Но то, что предложил Васильев, назвать «сливом» было сложно. Все получалось как-то жутковато сказочно: встретит человек Ахмад, довезет до Умара, а там уже сам, как знаешь. Какой-то обрывок контакта — от кровавой гебни, в сущности, получена только наводка, и та мутная. Зимин вдруг задумался: откуда всплыла эта «гебня», да еще «кровавая»? Тут же решил: генетическая ненависть, рожденная страхом. Они всегда боялись комитетчиков — отцы, деды, прадеды тоже. Но почему должен бояться он, Макс Зимин? Или — ненавидеть? И, кроме того, сейчас все было иначе, все по-другому. Он вспомнил суховатую иронию Айсмена: раньше сотрудничали из страха, из-за денег и за идею, а сейчас появилась еще одна причина — из жалости. Да уж, им не позавидуешь. Васильев непрост, само собой, но — кто сказал, что он умнее? Да и что плохого в том, чтобы, вернувшись, рассказать ему, что видел-слышал? Вполне нормально: едешь к врагу — узнаешь — анализируешь…
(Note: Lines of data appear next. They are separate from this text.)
(* In the 3-body problem in ${\bf H}^2$ with masses $m_1,m_2,m_3>0$, let ${\bf q}_i(t)=(\rho_i\cos(\omega t+\alpha_i),\rho_i\sin(\omega t+\alpha_i), z_i)$, $i=1,2,3$, with constants $\omega\ne0$, $\alpha_i$, $\rho_i\ge0$, $z_i=(\rho_i^2+1)^{1/2}$, be an elliptic relative equilibrium in which the three bodies form an equilateral triangle (all mutual hyperbolic distances equal) at all times. Then $z_1=z_2=z_3$, i.e. the bodies move on the same circle whose plane is orthogonal to the rotation axis, and $m_1=m_2=m_3$.
   Context: The $n$-body problem in ${\bf H}^2$ (Weierstrass model): with the Lorentz inner product ${\bf a}\boxdot{\bf b}=a_xb_x+a_yb_y-a_zb_z$ on $\mathbb R^3$, ${\bf H}^2=\{(x,y,z): x^2+y^2-z^2=-1,\ z>0\}$. Bodies of masses $m_1,\dots,m_n>0$ have positions ${\bf q}_i=(x_i,y_i,z_i)\in{\bf H}^2$ and satisfy $$\ddot{\bf q}_i=\sum_{j\ne i}\frac{m_j[{\bf q}_j+({\bf q}_i\boxdot{\bf q}_j){\bf q}_i]}{[({\bf q}_i\boxdot{\bf q}_j)^2-1]^{3/2}}+(\dot{\bf q}_i\boxdot\dot{\bf q}_i){\bf q}_i,\qquad {\bf q}_i\boxdot{\bf q}_i=-1,\ \ {\bf q}_i\boxdot\dot{\bf q}_i=0,$$ $i=1,\dots,n$, defined only for collisionless configurations. The angular momentum $\sum_i m_i{\bf q}_i\boxtimes\dot{\bf q}_i$, where ${\bf a}\boxtimes{\bf b}=(a_yb_z-a_zb_y,\ a_zb_x-a_xb_z,\ a_yb_x-a_xb_y)$, is a first integral. The hyperbolic distance is $d({\bf a},{\bf b})=\cosh^{-1}(-{\bf a}\boxdot{\bf b})$. An elliptic relative equilibrium in ${\bf H}^2$ is a solution with $x_i=\rho_i\cos(\omega t+\alpha_i)$, $y_i=\rho_i\sin(\omega t+\alpha_i)$, $z_i=(\rho_i^2+1)^{1/2}$, constants $\omega,\alpha_i,\rho_i$. *)

From Stdlib Require Import Reals List.
Import ListNotations.
Open Scope R_scope.

Record V3 := mkV { vx : R; vy : R; vz : R }.

Definition vadd (a b : V3) : V3 := mkV (vx a + vx b) (vy a + vy b) (vz a + vz b).
Definition vscale (c : R) (a : V3) : V3 := mkV (c * vx a) (c * vy a) (c * vz a).
Definition vzero : V3 := mkV 0 0 0.

Definition ldot (a b : V3) : R := vx a * vx b + vy a * vy b - vz a * vz b.

(* Lorentz cross product (used for angular momentum; not needed in the statement) *)
Definition lcross (a b : V3) : V3 :=
  mkV (vy a * vz b - vz a * vy b) (vz a * vx b - vx a * vz b) (vy a * vx b - vx a * vy b).

Definition acosh (x : R) : R := ln (x + sqrt (x * x - 1)).

Definition hdist (a b : V3) : R := acosh (- ldot a b).

Definition has_deriv (f f' : R -> V3) : Prop :=
  forall t,
    derivable_pt_lim (fun s => vx (f s)) t (vx (f' t)) /\
    derivable_pt_lim (fun s => vy (f s)) t (vy (f' t)) /\
    derivable_pt_lim (fun s => vz (f s)) t (vz (f' t)).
На слове «враг» Зимин замер; внутренний монолог споткнулся, как раненая лошадь. Все семь лет журналистской карьеры — сначала в провинциальном уральском городишке, потом в большой Москве Макс был убежден: у настоящего журналиста нет и не может быть врагов. Есть люди. Они разные. А корреспондент — тот же диктофон, только с другим качеством воспроизведения. Не его дело разбираться в правых и виноватых. Но теперь оказывалось — не так. Иначе. Три дня в октябре прошлого года все изменили. Тот, кто с хрипотцой и характерным акцентом говорил в эфире о «диверсионной бригаде праведных шахидов», человеком не был. Зимин остро и внятно ощущал внутри: этого праведного шахида он смог бы убить сам. Без лишних раздумий, без всяких рефлексий на тему прав чеченского народа на самоопределение. Он ненавидел его — у ненависти был едкий привкус желчи, она отдавалась мурашками в кончиках пальцев, прекрасно повышала КПД и была необъяснимо связана с его собственным «косяком» — тем самым звонком в редакцию, о котором не хотелось вспоминать…
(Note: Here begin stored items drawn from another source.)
Section PredicateSums.
Variables (V G : zmodType) (P : V -> Prop).
Hypotheses (P0 : P 0) (PD : forall x y, P x -> P y -> P (x + y)).

Lemma sum_closed n (F : 'I_n -> V) :
  (forall i, P (F i)) -> P (\sum_(i < n) F i).
Proof. by move=> PF; apply: big_ind => // i _; apply: PF. Qed.

Lemma additive_on_sum (h : V -> G) :
  (forall x y, P x -> P y -> h (x + y) = h x + h y) ->
  forall n (F : 'I_n -> V), (forall i, P (F i)) ->
  h (\sum_(i < n) F i) = \sum_(i < n) h (F i).
Proof.
move=> hD n F PF.
have h0 : h 0 = 0 by apply: (addrI (h 0)); rewrite -hD // !addr0.
suff : P (\sum_(i < n) F i) /\ h (\sum_(i < n) F i) = \sum_(i < n) h (F i).
  by case.
apply: (big_ind2 (fun x y => P x /\ h x = y)) => [|x1 u1 x2 u2 [Px1 <-] [Px2 <-]|i _].
- by split.
- by split; [apply: PD | apply: hD].
- by split.
Qed.

End PredicateSums.

Section OneForms.
Variables (C : numClosedFieldType) (B : algType C) (A : B -> Prop) (delta : B -> B).

Lemma one_forms0 : one_forms A delta 0.
Proof.
by exists 0%N, (fun _ => 0), (fun _ => 0), (fun _ => 0); split; [case | rewrite big_ord0].
Qed.

Lemma one_formsD x y :
  one_forms A delta x -> one_forms A delta y -> one_forms A delta (x + y).
Proof.
move=> [n [c [a [b [Hab ->]]]]] [m [c' [a' [b' [Hab' ->]]]]].
pose glue T (u : 'I_n -> T) (v : 'I_m -> T) i :=
  match split i with inl j => u j | inr k => v k end.
exists (n + m)%N, (glue _ c c'), (glue _ a a'), (glue _ b b'); split.
  by move=> i; rewrite /glue; case: (split i).
rewrite big_split_ord /glue; congr (_ + _); apply: eq_bigr => i _.
  by rewrite (unsplitK (inl i)).
by rewrite (unsplitK (inr i)).
Qed.

End OneForms.

Section Centers.
Variables (C : numClosedFieldType) (B : algType C) (star : B -> B) (A E : B -> Prop).

Lemma unital_star_subalg0 : unital_star_subalg star A -> A 0.
Proof. by move=> [A1 _ AZ _ _]; rewrite -(scale0r 1); apply: AZ. Qed.

Lemma center_unital_star_subalg :
  star_axioms star -> unital_star_subalg star A ->
  unital_star_subalg star (center_of A).
Proof.
move=> [_ _ stM stK] [A1 AD AZ AM Ast]; split.
- by split=> // a _; rewrite mul1r mulr1.
- move=> x y [Ax Hx] [Ay Hy]; split; first exact: AD.
  by move=> a Aa; rewrite mulrDl mulrDr Hx // Hy.
- move=> c x [Ax Hx]; split; first exact: AZ.
  by move=> a Aa; rewrite -scalerAl -scalerAr Hx.
- move=> x y [Ax Hx] [Ay Hy]; split; first exact: AM.
  by move=> a Aa; rewrite -mulrA Hy // mulrA Hx // mulrA.
- move=> x [Ax Hx]; split; first exact: Ast.
  move=> a Aa; have := congr1 star (Hx (star a) (Ast _ Aa)).
  by rewrite !stM !stK => ->.
Qed.

Hypotheses (E0 : E 0) (ED : forall x y, E x -> E y -> E (x + y)).

Lemma centralizer0 : centralizer_in A E 0.
Proof. by split=> // a _; rewrite mul0r mulr0. Qed.

Lemma centralizerD x y :
  centralizer_in A E x -> centralizer_in A E y -> centralizer_in A E (x + y).
Proof.
move=> [Ex Hx] [Ey Hy]; split; first exact: ED.
by move=> a Aa; rewrite mulrDl mulrDr Hx // Hy.
Qed.

Lemma centralizer_mul_center x r :
  E (x * r) -> centralizer_in A E x -> center_of A r ->
  centralizer_in A E (x * r).
Proof.
move=> Exr [_ Hx] [_ Hr]; split=> // a Aa.
by rewrite -mulrA Hr // mulrA Hx // mulrA.
Qed.

Lemma centralizer_submodule :
  (forall x r, centralizer_in A E x -> center_of A r -> E (x * r)) ->
  submodule_over (center_of A) (centralizer_in A E).
Proof.
move=> EM; split; [exact: centralizer0 | exact: centralizerD |].
by move=> x r Zx Zr; apply: centralizer_mul_center => //; apply: EM.
Qed.

End Centers.

Section CoordinateMaps.
Variables (C : numClosedFieldType) (B : algType C) (A E A' E' : B -> Prop).
Hypotheses (A0 : A 0) (AD : forall a b, A a -> A b -> A (a + b))
  (AM : forall a b, A a -> A b -> A (a * b)).
Hypotheses (E0 : E 0) (ED : forall x y, E x -> E y -> E (x + y)).
Hypotheses (A'Z : forall r, A' r -> center_of A r)
  (E'Z : forall m, E' m -> centralizer_in A E m).
Hypothesis tensorE : tensor_mult_iso A' E' A E.
Variables (n : nat) (g : 'I_n -> B) (s : 'I_n -> B -> B).
Hypotheses (gE' : forall i, E' (g i)) (sA' : forall i m, E' m -> A' (s i m))
  (sD : forall i m m', E' m -> E' m' -> s i (m + m') = s i m + s i m')
  (sM : forall i m r, E' m -> A' r -> s i (m * r) = s i m * r)
  (s_reconstruct : forall m, E' m -> m = \sum_(i < n) g i * s i m).

Lemma tensor_mulr_closed e a : E e -> A a -> E (e * a).
Proof.
have [E'AE Espan _] := tensorE.
move=> /Espan [k [m [b [Hmb ->]]]] Aa; rewrite mulr_suml.
apply: (sum_closed E0 ED) => j; rewrite -mulrA.
by have [Em Ab] := Hmb j; apply: E'AE => //; apply: AM.
Qed.

Lemma coordinates_exist : exists F : B -> 'I_n -> B,
  (forall i x y, E x -> E y -> F (x + y) i = F x i + F y i) /\
  (forall i m a, E' m -> A a -> F (m * a) i = s i m * a).
Proof.
have [_ _ Euniv] := tensorE.
pose beta m a := [ffun i => s i m * a].
have [|||f [fD fM]] := Euniv _ beta.
- by move=> m m' a Em Em' _; apply/ffunP => i; rewrite !ffunE sD // mulrDl.
- by move=> m a a' _ _ _; apply/ffunP => i; rewrite !ffunE mulrDr.
- by move=> m r a Em Ar _; apply/ffunP => i; rewrite !ffunE sM // mulrA.
exists (fun e i => f e i); split.
  by move=> i x y Ex Ey; rewrite fD // ffunE.
by move=> i m a Em Aa; rewrite fM // ffunE.
Qed.

Section Coordinates.
Variable F : B -> 'I_n -> B.
Hypotheses (FD : forall i x y, E x -> E y -> F (x + y) i = F x i + F y i)
  (F_tensor : forall i m a, E' m -> A a -> F (m * a) i = s i m * a).

Lemma coord_sum i k (m a : 'I_k -> B) : (forall j, E' (m j) /\ A (a j)) ->
  F (\sum_(j < k) m j * a j) i = \sum_(j < k) s i (m j) * a j.
Proof.
have [E'AE _ _] := tensorE.
move=> Hma; rewrite (additive_on_sum E0 ED (FD i)); last first.
  by move=> j; have [] := Hma j; apply: E'AE.
by apply: eq_bigr => j _; have [] := Hma j; apply: F_tensor.
Qed.

Lemma coord_in_A e i : E e -> A (F e i).
Proof.
have [_ Espan _] := tensorE.
move=> /Espan [k [m [a [Hma ->]]]]; rewrite coord_sum //.
apply: (sum_closed A0 AD) => j; have [Em Aa] := Hma j.
by apply: AM => //; have [] := A'Z (sA' i Em).
Qed.

Lemma coord_mulr e a i : E e -> A a -> F (e * a) i = F e i * a.
Proof.
have [_ Espan _] := tensorE.
move=> /Espan [k [m [b [Hmb ->]]]] Aa; rewrite mulr_suml.
under eq_bigr do rewrite -mulrA.
have Hmba j : E' (m j) /\ A (b j * a).
  by have [Em Ab] := Hmb j; split=> //; apply: AM.
rewrite !coord_sum // mulr_suml.
by apply: eq_bigr => j _; rewrite mulrA.
Qed.

Lemma coord_mull e a i : E e -> A a -> F (a * e) i = a * F e i.
Proof.
have [_ Espan _] := tensorE.
move=> /Espan [k [m [b [Hmb ->]]]] Aa; rewrite mulr_sumr.
have -> : \sum_(j < k) a * (m j * b j) = \sum_(j < k) m j * (a * b j).
  apply: eq_bigr => j _; have [Em _] := Hmb j; have [_ Hm] := E'Z Em.
  by rewrite mulrA -Hm // mulrA.
have Hmab j : E' (m j) /\ A (a * b j).
  by have [Em Ab] := Hmb j; split=> //; apply: AM.
rewrite !coord_sum // mulr_sumr; apply: eq_bigr => j _.
have [Em _] := Hmb j; have [_ Hs] := A'Z (sA' i Em).
by rewrite !mulrA Hs.
Qed.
Макс достал сигарету, поднялся и двинулся к стойке для курящих. До вылета оставался час.

***

Комментарий Максима Зимина:

По-моему, ты очень странно выбираешь картины: да, я понимаю, что так, видимо, нужно для выстраивания сюжетной линии, но пока, говоря откровенно, получается какой-то малобюджетный сериал, из тех, что снимаются одной камерой в пределах одной студии.
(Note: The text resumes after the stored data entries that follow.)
(* Let $\varphi$ be an instance of 2-Clause 3-SAT and let $G(\varphi)$ be the graph constructed from $\varphi$ as described in the context. If $\mathrm{wcol}_2(G(\varphi)) \leq 5$, then $\varphi$ has a satisfying assignment.
   Context: 2-Clause 3-SAT: given a CNF formula $\varphi$ with clauses $c_1,\dots,c_m$ over variables $x_1,\dots,x_n$ in which each clause contains at most 3 literals and each literal ($x_j$ or $\overline{x}_j$) appears in exactly 2 clauses, decide whether $\varphi$ is satisfiable. It is assumed throughout that no variable appears twice in a single clause and that there are no clauses with a single literal (so each clause has 2 or 3 literals). Construction of $G(\varphi)$: for each clause $c_i$ create 6 vertices $u_i^1,\dots,u_i^6$. If $c_i$ contains only 2 literals, add 2 more vertices $f_i, f'_i$, each adjacent to all of $u_i^1,\dots,u_i^6$. For each variable $x_j$ create two vertices $v_j$ and $v'_j$ (for the literals $x_j$ and $\overline{x}_j$) joined by an edge. For each clause $c_i$ containing the literal $x_j$, add an edge from $v_j$ to each of $u_i^1,\dots,u_i^6$; for each clause $c_i$ containing $\overline{x}_j$, add an edge from $v'_j$ to each of $u_i^1,\dots,u_i^6$. Weak coloring numbers: for a graph $G=(V,E)$ and a total order $\sigma$ of $V$, a vertex $v\neq u$ is weakly $r$-reachable from $u$ if $u <_\sigma v$ and there is a $u$–$v$ path $P$ of length at most $r$ such that every vertex $p$ of $P$ other than $u,v$ satisfies $p <_\sigma v$. Let $\mathrm{wreach}_r(u,G_\sigma)$ be the set of such $v$. Then $\mathrm{wcol}_r(G)=\min_\sigma \max_{u\in V}|\mathrm{wreach}_r(u,G_\sigma)|$, the minimum over all total orders of $V$. *)

From mathcomp Require Import all_boot all_fingroup.
Set Implicit Arguments. Unset Strict Implicit. Unset Printing Implicit Defensive.

(* Variables x_0..x_{n-1} are 'I_n; a literal is (j, b) : 'I_n * bool, where
   (j, true) is x_j and (j, false) is its negation. *)
Definition lit (n : nat) := ('I_n * bool)%type.

Definition two_clause_3sat (n m : nat) (cl : 'I_m -> {set lit n}) : Prop :=
  [/\
      (forall i, 2 <= #|cl i| <= 3),
      (forall i (j : 'I_n), ~~ (((j, true) \in cl i) && ((j, false) \in cl i)))
    &
      (forall l : lit n, #|[set i | l \in cl i]| = 2)].

Definition satisfiable (n m : nat) (cl : 'I_m -> {set lit n}) : Prop :=
  exists a : 'I_n -> bool, forall i, exists2 l, l \in cl i & a l.1 = l.2.

(* raw vertices:
   inl (inl (i, k))  = u_i^{k+1}   (k : 'I_6)
   inl (inr (i, b))  = f_i (b = false) / f'_i (b = true)  (only if |c_i| = 2)
   inr (j, b)        = v_j (b = true) / v'_j (b = false) *)
Definition rawV (n m : nat) :=
  (('I_m * 'I_6) + ('I_m * bool) + ('I_n * bool))%type.

Definition vok (n m : nat) (cl : 'I_m -> {set lit n}) (x : rawV n m) : bool :=
  match x with
  | inl (inr (i, _)) => #|cl i| == 2
  | _ => true
  end.

Definition rawadj (n m : nat) (cl : 'I_m -> {set lit n}) (x y : rawV n m) : bool :=
  match x, y with
  | inl (inl (i, _)), inl (inr (i', _)) => i == i'
  | inl (inr (i, _)), inl (inl (i', _)) => i == i'
  | inl (inl (i, _)), inr l => l \in cl i
  | inr l, inl (inl (i, _)) => l \in cl i
  | inr (j, b), inr (j', b') => (j == j') && (b != b')
  | _, _ => false
  end.

Definition GV (n m : nat) (cl : 'I_m -> {set lit n}) : finType :=
  {x : rawV n m | vok cl x}.

Definition Gadj (n m : nat) (cl : 'I_m -> {set lit n}) : rel (GV cl) :=
  fun x y => rawadj cl (val x) (val y).

(* A total order sigma of V is given by a permutation s of V:
   u <_s v  iff  the position of s u in enum V is smaller than that of s v.
   Every total order of V arises this way. *)
Definition ltord (V : finType) (s : {perm V}) (u v : V) : bool :=
  (enum_rank (s u) < enum_rank (s v))%N.

(* v is weakly r-reachable from u: u <_s v and there is a u-v path
   u = p_0, p_1, ..., p_l = v (l <= r, vertices pairwise distinct) whose inner
   vertices are all <_s v. *)
Definition wreach_path (V : finType) (e : rel V) (s : {perm V}) (u v : V)
    (p : seq V) : bool :=
  [&& path e u p, last u p == v, uniq (u :: p)
    & all (fun x => ltord s x v) (behead (belast u p))].

Definition wreach (V : finType) (e : rel V) (r : nat) (s : {perm V}) (u : V)
    : {set V} :=
  [set v | [&& v != u, ltord s u v &
     [exists l : 'I_r.+1, exists p : l.-tuple V, wreach_path e s u v p]]].

(* wcol_r(G) = min over orders of max over u of |wreach_r(u)|.
   (#|V| is a harmless neutral element: every value is < #|V| and the
   range of permutations is nonempty.) *)
Definition wcol (V : finType) (e : rel V) (r : nat) : nat :=
  \big[minn/#|V|]_(s : {perm V}) \max_(u : V) #|wreach e r s u|.

(* Fix an order in which every vertex weakly 2-reaches at most five vertices, and make x_j
   true iff v'_j precedes v_j; so a falsified literal precedes its complement.  Let a be the
   first of the six vertices u_i^k of a clause c_i.  A common neighbour of the u_i^k placed
   before a would weakly 1-reach all six of them, so every neighbour of a comes after a.
   If c_i were falsified, a would then weakly 2-reach its literal vertices, their complements
   (along a - l - l', increasing) and f_i, f'_i: 2*3 or 2*2+2 = 6 vertices. *)
From mathcomp Require Import all_boot all_fingroup zify.
Set Implicit Arguments. Unset Strict Implicit. Unset Printing Implicit Defensive.

Section WeakReach.
Variables (V : finType) (e : rel V) (s : {perm V}).

Lemma ltord_irr u : ltord s u u = false.
Proof. by rewrite /ltord ltnn. Qed.

Lemma ltord_trans u v w : ltord s u v -> ltord s v w -> ltord s u w.
Proof. exact: ltn_trans. Qed.

Lemma ltord_neq u v : ltord s u v -> u != v.
Proof. by apply: contraTneq => ->; rewrite ltord_irr. Qed.

Lemma ltord_total u v : u != v -> ltord s u v || ltord s v u.
Proof.
move=> neq_uv; rewrite /ltord -neq_ltn; apply: contra neq_uv => /eqP eq_rk.
by apply/eqP; apply: (@perm_inj _ s); apply/enum_rank_inj/val_inj.
Qed.

Lemma wreach_edge u v : e u v -> ltord s u v -> v \in wreach e 2 s u.
Proof.
move=> euv luv; rewrite inE eq_sym ltord_neq //= luv.
apply/existsP; exists (@Ordinal 3 1 erefl); apply/existsP; exists [tuple v].
by rewrite /wreach_path /= euv eqxx inE ltord_neq.
Qed.

Lemma wreach_increasing_path2 u x v :
  e u x -> e x v -> ltord s u x -> ltord s x v -> v \in wreach e 2 s u.
Proof.
move=> eux exv lux lxv; have luv := ltord_trans lux lxv.
rewrite inE eq_sym ltord_neq //= luv.
apply/existsP; exists (@Ordinal 3 2 erefl); apply/existsP; exists [tuple x; v].
by rewrite /wreach_path /= eux exv lxv eqxx !inE negb_or !ltord_neq.
Qed.

End WeakReach.

Lemma wcol_attained (V : finType) (e : rel V) (r : nat) :
  exists s : {perm V}, forall u, #|wreach e r s u| <= wcol e r.
Proof.
pose width s := \max_(u : V) #|wreach e r s u|.
have [s _ width_min] := @arg_minnP _ (1%g : {perm V}) predT width isT.
exists s => u; apply: leq_trans (leq_bigmax (F := fun v => #|wreach e r s v|) u) _.
apply: (big_ind (fun k => width s <= k)) => [|x y le_x le_y|s' _]; last exact: width_min.
- by apply/bigmax_leqP => v _; apply: max_card.
- by rewrite leq_min le_x le_y.
Qed.

Definition lit_neg n (l : lit n) : lit n := (l.1, ~~ l.2).

Lemma lit_negK n : involutive (@lit_neg n).
Proof. by case=> j b; rewrite /lit_neg negbK. Qed.

Lemma card_setU_lit_neg n (S : {set lit n}) :
  (forall j, ~~ (((j, true) \in S) && ((j, false) \in S))) ->
  #|S :|: [set lit_neg l | l in S]| = (2 * #|S|)%N.
Proof.
move=> consistent.
have disjoint_neg : S :&: [set lit_neg l | l in S] = set0.
  rewrite (can_imset_pre _ (@lit_negK n)); apply/setP=> -[j b].
  rewrite !inE /lit_neg /=; have := consistent j.
  by case: b => /negPf //; rewrite andbC.
have := cardsUI S [set lit_neg l | l in S]; rewrite disjoint_neg cards0 addn0 => ->.
by rewrite card_imset ?mul2n ?addnn //; apply: can_inj (@lit_negK n).
Qed.

Section ClauseGadget.
Variables (n m : nat) (cl : 'I_m -> {set lit n}).

Definition lit_vertex (l : lit n) : GV cl := exist (vok cl) (inr l) isT.

Definition clause_vertex (i : 'I_m) (k : 'I_6) : GV cl :=
  exist (vok cl) (inl (inl (i, k))) isT.

Definition filler_vertex (i : 'I_m) (b : bool) (short_i : #|cl i| == 2) : GV cl :=
  exist (vok cl) (inl (inr (i, b))) short_i.
Arguments filler_vertex : clear implicits.

Lemma lit_vertex_inj : injective lit_vertex.
Proof. by move=> l l' /(congr1 val) [->]. Qed.

Lemma clause_vertex_inj i : injective (clause_vertex i).
Proof. by move=> k k' /(congr1 val) [->]. Qed.

Lemma Gadj_sym : symmetric (@Gadj n m cl).
Proof.
move=> [[[[i k]|[i b]]|[j b]] ?] [[[[i' k']|[i' b']]|[j' b']] ?];
  rewrite /Gadj /= ?(eq_sym i) //.
by rewrite (eq_sym j) (eq_sym b).
Qed.

Lemma Gadj_irr : irreflexive (@Gadj n m cl).
Proof. by move=> [[[[? ?]|[? ?]]|[? ?]] ?]; rewrite /Gadj /= ?eqxx ?andbF. Qed.

Lemma Gadj_clause_vertex i k k' : Gadj (clause_vertex i k) =1 Gadj (clause_vertex i k').
Proof. by move=> [[[[? ?]|[? ?]]|[? ?]] ?]. Qed.

Lemma Gadj_clause_lit i k l : Gadj (clause_vertex i k) (lit_vertex l) = (l \in cl i).
Proof. by []. Qed.

Lemma Gadj_clause_filler i k b short_i : Gadj (clause_vertex i k) (filler_vertex i b short_i).
Proof. by rewrite /Gadj /= eqxx. Qed.

Lemma Gadj_lit_neg l : Gadj (lit_vertex l) (lit_vertex (lit_neg l)).
Proof. by case: l => j [] /=; rewrite /Gadj /= eqxx. Qed.

Variable s : {perm GV cl}.

Definition order_assignment (j : 'I_n) : bool :=
  ltord s (lit_vertex (j, false)) (lit_vertex (j, true)).

Lemma ltord_lit_neg l :
  order_assignment l.1 != l.2 -> ltord s (lit_vertex l) (lit_vertex (lit_neg l)).
Proof.
case: l => j b /=; rewrite /order_assignment /lit_neg /=.
have neq_lits : lit_vertex (j, false) != lit_vertex (j, true).
  by apply/eqP => /lit_vertex_inj [].
by case: b; move: (ltord_total s neq_lits); case: ltord.
Qed.

Definition first_clause_index (i : 'I_m) : 'I_6 :=
  [arg min_(k < ord0) enum_rank (s (clause_vertex i k))].

Definition first_clause_vertex (i : 'I_m) : GV cl := clause_vertex i (first_clause_index i).

Lemma ltord_first_clause_vertex i k x :
  ltord s x (first_clause_vertex i) -> ltord s x (clause_vertex i k).
Proof.
rewrite /first_clause_vertex /first_clause_index; case: arg_minnP => // k0 _ min_k0 lt_x.
exact: leq_trans lt_x (min_k0 k isT).
Qed.

Hypothesis few_wreach : forall u, #|wreach (@Gadj n m cl) 2 s u| <= 5.

Lemma first_clause_vertex_precedes_neighbours i x :
  Gadj (first_clause_vertex i) x -> ltord s (first_clause_vertex i) x.
Proof.
move=> adj_x; have neq_x : first_clause_vertex i != x.
  by apply: contraTneq adj_x => <-; rewrite Gadj_irr.
have /orP [//|lt_x] := ltord_total s neq_x; exfalso.
have clause_wreach : [set clause_vertex i k | k : 'I_6] \subset wreach (@Gadj n m cl) 2 s x.
  apply/subsetP => _ /imsetP [k _ ->]; apply: wreach_edge.
    by rewrite Gadj_sym (Gadj_clause_vertex _ _ (first_clause_index i)).
  exact: ltord_first_clause_vertex.
have := leq_trans (subset_leq_card clause_wreach) (few_wreach x).
by rewrite card_imset ?card_ord //; apply: clause_vertex_inj.
Qed.

Lemma falsified_clause_wreach i :
  (forall l, l \in cl i -> order_assignment l.1 != l.2) ->
  lit_vertex @: (cl i :|: [set lit_neg l | l in cl i])
    \subset wreach (@Gadj n m cl) 2 s (first_clause_vertex i).
Proof.
move=> falsified; apply/subsetP => _ /imsetP [l' /setUP [l_in | /imsetP [l l_in ->]] ->].
  by apply/wreach_edge/first_clause_vertex_precedes_neighbours; rewrite Gadj_clause_lit.
apply: (wreach_increasing_path2 (x := lit_vertex l)); rewrite ?Gadj_clause_lit ?Gadj_lit_neg //.
  exact/first_clause_vertex_precedes_neighbours.
exact/ltord_lit_neg/falsified.
Qed.

Lemma order_assignment_satisfies i :
  2 <= #|cl i| <= 3 -> (forall j, ~~ (((j, true) \in cl i) && ((j, false) \in cl i))) ->
  exists2 l, l \in cl i & order_assignment l.1 = l.2.
Proof.
move=> size_i consistent_i.
have [/exists_inP [l l_in /eqP sat_l] | /exists_inPn falsified] :=
  boolP [exists l in cl i, order_assignment l.1 == l.2]; first by exists l.
exfalso; set a := first_clause_vertex i.
set lits := lit_vertex @: (cl i :|: [set lit_neg l | l in cl i]).
have lits_wreach : lits \subset wreach (@Gadj n m cl) 2 s a := falsified_clause_wreach falsified.
have card_lits : #|lits| = (2 * #|cl i|)%N.
  by rewrite card_imset; [apply: card_setU_lit_neg | apply: lit_vertex_inj].
have [short_i | long_i] := boolP (#|cl i| == 2); last first.
  have := leq_trans (subset_leq_card lits_wreach) (few_wreach a).
  by rewrite card_lits; move: size_i long_i; clear; lia.
pose fillers := [set filler_vertex i false short_i; filler_vertex i true short_i].
have fillers_wreach : fillers \subset wreach (@Gadj n m cl) 2 s a.
  apply/subsetP => x; rewrite in_set2 => /orP [] /eqP ->;
    by apply/wreach_edge/first_clause_vertex_precedes_neighbours; apply: Gadj_clause_filler.
have card_fillers : #|fillers| = 2.
  by rewrite cards2; case: eqP => // /(congr1 val) [].
have lits_fillers : lits :&: fillers = set0.
  by apply/setP => y; rewrite !inE; apply/negbTE/andP => -[/imsetP [l _ ->]]; rewrite -!val_eqE.
have : lits :|: fillers \subset wreach (@Gadj n m cl) 2 s a.
  by rewrite subUset lits_wreach fillers_wreach.
move=> /subset_leq_card /leq_trans /(_ (few_wreach a)).
have := cardsUI lits fillers.
by rewrite lits_fillers cards0 card_lits card_fillers (eqP short_i) addn0 => ->.
Qed.

End ClauseGadget.

Theorem lemma3p3 (n m : nat) (cl : 'I_m -> {set lit n}) :
  two_clause_3sat cl ->
  (wcol (@Gadj n m cl) 2 <= 5)%N ->
  satisfiable cl.
Proof.
move=> [clause_sizes consistent _] wcol_le5.
have [s wreach_le_wcol] := wcol_attained (@Gadj n m cl) 2.
have few_wreach u : #|wreach (@Gadj n m cl) 2 s u| <= 5.
  exact: leq_trans (wreach_le_wcol u) wcol_le5.
exists (order_assignment s) => i.
exact: order_assignment_satisfies few_wreach i (clause_sizes i) (consistent i).
Qed.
Я вот, допустим, очень хорошо помню вечер перед отъездом. Я жил у тетки, сестры отца (ты, кстати, не сказала об этом ни слова, а ведь это же, наверное, важно: где живет герой? На что? Что ест, пьет, как одет? Кстати, одевался я тогда — спасибо тетке — очень неплохо). Так вот, к тете Маше (полностью звали ее Мария Николаевна) как раз зашел сосед снизу, дед лет семидесяти, с палкой и вечно трясущейся головой. Он приходил часто, раза два-три в неделю; до сих пор не могу понять, почему она тратила на него время и как вообще терпела эти визиты.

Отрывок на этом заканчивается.